● Task objective:
Copy the data exactly from the line that contains "[f x1 + y1 mu/2" through the line that contains "Proof. by rewrite dotvDl dotvNl. Qed.", keeping both end lines and leaving out everything else.

● Supplied records:
-----

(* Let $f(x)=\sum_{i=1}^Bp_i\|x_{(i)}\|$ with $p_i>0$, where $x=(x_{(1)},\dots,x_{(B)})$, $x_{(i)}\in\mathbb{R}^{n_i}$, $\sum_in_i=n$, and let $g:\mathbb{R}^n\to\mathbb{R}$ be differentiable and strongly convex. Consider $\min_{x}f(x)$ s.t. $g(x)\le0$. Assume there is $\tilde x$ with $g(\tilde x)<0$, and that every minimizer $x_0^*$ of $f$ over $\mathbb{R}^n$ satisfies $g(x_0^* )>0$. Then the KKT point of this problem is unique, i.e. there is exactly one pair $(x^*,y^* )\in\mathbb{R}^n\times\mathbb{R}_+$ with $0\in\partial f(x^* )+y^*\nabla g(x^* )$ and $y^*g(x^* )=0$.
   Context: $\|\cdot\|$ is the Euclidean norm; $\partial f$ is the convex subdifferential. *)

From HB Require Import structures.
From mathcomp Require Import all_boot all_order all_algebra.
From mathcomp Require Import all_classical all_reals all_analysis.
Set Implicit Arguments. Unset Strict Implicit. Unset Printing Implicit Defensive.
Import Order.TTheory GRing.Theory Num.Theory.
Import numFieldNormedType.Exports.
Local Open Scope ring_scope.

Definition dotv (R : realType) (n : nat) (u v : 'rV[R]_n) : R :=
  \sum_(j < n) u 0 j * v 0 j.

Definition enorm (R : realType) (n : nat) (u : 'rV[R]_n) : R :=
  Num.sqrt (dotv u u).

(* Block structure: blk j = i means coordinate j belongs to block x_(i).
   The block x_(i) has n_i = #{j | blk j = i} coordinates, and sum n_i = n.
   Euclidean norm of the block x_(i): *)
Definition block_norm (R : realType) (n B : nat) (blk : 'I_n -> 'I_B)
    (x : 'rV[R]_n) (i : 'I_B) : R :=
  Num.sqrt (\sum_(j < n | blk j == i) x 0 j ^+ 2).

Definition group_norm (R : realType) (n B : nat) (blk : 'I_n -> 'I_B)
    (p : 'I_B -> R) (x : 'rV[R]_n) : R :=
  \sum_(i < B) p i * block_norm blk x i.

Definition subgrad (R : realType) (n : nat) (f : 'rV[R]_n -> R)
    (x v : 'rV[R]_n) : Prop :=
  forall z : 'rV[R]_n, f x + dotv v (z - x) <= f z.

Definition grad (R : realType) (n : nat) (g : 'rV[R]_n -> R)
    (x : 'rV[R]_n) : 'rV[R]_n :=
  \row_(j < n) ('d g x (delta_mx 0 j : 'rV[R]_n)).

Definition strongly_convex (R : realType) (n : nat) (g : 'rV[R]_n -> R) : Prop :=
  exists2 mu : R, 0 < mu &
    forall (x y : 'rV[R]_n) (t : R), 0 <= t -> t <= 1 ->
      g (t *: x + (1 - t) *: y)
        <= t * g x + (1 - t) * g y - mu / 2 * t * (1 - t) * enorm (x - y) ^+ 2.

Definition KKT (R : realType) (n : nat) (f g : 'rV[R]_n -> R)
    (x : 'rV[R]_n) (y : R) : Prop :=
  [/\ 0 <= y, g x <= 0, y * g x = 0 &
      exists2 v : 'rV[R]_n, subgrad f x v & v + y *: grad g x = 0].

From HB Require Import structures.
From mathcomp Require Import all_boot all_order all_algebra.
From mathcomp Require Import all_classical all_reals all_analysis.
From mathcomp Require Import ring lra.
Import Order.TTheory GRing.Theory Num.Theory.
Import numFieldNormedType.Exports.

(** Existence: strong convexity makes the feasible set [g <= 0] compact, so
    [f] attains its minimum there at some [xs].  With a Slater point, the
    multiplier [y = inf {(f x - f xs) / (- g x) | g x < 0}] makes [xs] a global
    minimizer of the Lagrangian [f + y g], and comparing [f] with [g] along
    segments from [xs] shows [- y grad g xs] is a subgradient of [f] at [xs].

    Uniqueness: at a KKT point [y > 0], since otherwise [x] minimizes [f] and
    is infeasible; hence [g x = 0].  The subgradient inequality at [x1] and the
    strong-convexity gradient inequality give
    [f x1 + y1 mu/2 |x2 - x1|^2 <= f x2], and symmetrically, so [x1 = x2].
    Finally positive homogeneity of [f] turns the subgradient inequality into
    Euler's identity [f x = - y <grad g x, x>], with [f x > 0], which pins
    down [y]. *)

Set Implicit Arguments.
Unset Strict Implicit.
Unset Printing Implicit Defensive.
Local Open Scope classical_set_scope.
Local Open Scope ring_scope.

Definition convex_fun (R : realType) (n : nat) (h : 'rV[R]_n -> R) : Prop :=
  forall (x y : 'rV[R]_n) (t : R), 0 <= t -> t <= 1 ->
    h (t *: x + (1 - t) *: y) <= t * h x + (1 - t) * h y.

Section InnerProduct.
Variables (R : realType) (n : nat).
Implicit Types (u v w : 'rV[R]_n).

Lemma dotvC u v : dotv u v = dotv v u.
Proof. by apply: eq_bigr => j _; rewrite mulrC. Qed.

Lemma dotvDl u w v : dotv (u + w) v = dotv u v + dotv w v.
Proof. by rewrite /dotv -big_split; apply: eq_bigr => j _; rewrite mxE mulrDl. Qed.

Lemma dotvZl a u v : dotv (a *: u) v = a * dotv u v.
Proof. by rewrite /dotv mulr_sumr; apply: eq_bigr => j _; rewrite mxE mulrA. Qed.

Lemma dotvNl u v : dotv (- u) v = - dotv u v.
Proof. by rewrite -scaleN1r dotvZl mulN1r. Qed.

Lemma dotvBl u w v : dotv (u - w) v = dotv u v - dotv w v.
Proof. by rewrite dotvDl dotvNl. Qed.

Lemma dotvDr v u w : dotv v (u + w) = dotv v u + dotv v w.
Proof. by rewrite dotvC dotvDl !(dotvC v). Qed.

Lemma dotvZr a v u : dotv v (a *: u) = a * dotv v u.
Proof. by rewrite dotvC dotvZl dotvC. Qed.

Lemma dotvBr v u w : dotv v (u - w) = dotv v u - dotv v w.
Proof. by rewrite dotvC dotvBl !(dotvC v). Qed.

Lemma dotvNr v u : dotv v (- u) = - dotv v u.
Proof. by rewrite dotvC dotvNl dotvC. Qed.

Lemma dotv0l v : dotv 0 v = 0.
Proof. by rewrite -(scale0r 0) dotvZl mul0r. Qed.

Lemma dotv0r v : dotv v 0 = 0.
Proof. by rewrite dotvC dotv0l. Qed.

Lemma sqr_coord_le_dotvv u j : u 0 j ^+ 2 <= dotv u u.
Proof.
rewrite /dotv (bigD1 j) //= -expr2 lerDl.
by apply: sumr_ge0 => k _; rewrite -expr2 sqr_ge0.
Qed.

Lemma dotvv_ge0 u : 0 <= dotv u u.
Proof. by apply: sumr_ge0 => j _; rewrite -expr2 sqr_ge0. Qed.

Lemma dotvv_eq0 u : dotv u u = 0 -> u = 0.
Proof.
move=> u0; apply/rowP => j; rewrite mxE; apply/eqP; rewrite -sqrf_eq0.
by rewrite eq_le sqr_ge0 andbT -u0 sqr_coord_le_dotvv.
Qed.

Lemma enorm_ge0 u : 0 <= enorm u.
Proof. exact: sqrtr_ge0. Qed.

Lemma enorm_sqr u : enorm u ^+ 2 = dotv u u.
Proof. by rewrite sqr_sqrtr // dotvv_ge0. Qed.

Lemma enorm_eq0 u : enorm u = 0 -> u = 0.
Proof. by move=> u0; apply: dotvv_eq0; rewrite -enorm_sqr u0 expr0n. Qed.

-----

● Task result:
    [f x1 + y1 mu/2 |x2 - x1|^2 <= f x2], and symmetrically, so [x1 = x2].
    Finally positive homogeneity of [f] turns the subgradient inequality into
    Euler's identity [f x = - y <grad g x, x>], with [f x > 0], which pins
    down [y]. *)

Set Implicit Arguments.
Unset Strict Implicit.
Unset Printing Implicit Defensive.
Local Open Scope classical_set_scope.
Local Open Scope ring_scope.

Definition convex_fun (R : realType) (n : nat) (h : 'rV[R]_n -> R) : Prop :=
  forall (x y : 'rV[R]_n) (t : R), 0 <= t -> t <= 1 ->
    h (t *: x + (1 - t) *: y) <= t * h x + (1 - t) * h y.

Section InnerProduct.
Variables (R : realType) (n : nat).
Implicit Types (u v w : 'rV[R]_n).

Lemma dotvC u v : dotv u v = dotv v u.
Proof. by apply: eq_bigr => j _; rewrite mulrC. Qed.

Lemma dotvDl u w v : dotv (u + w) v = dotv u v + dotv w v.
Proof. by rewrite /dotv -big_split; apply: eq_bigr => j _; rewrite mxE mulrDl. Qed.

Lemma dotvZl a u v : dotv (a *: u) v = a * dotv u v.
Proof. by rewrite /dotv mulr_sumr; apply: eq_bigr => j _; rewrite mxE mulrA. Qed.

Lemma dotvNl u v : dotv (- u) v = - dotv u v.
Proof. by rewrite -scaleN1r dotvZl mulN1r. Qed.

Lemma dotvBl u w v : dotv (u - w) v = dotv u v - dotv w v.
Proof. by rewrite dotvDl dotvNl. Qed.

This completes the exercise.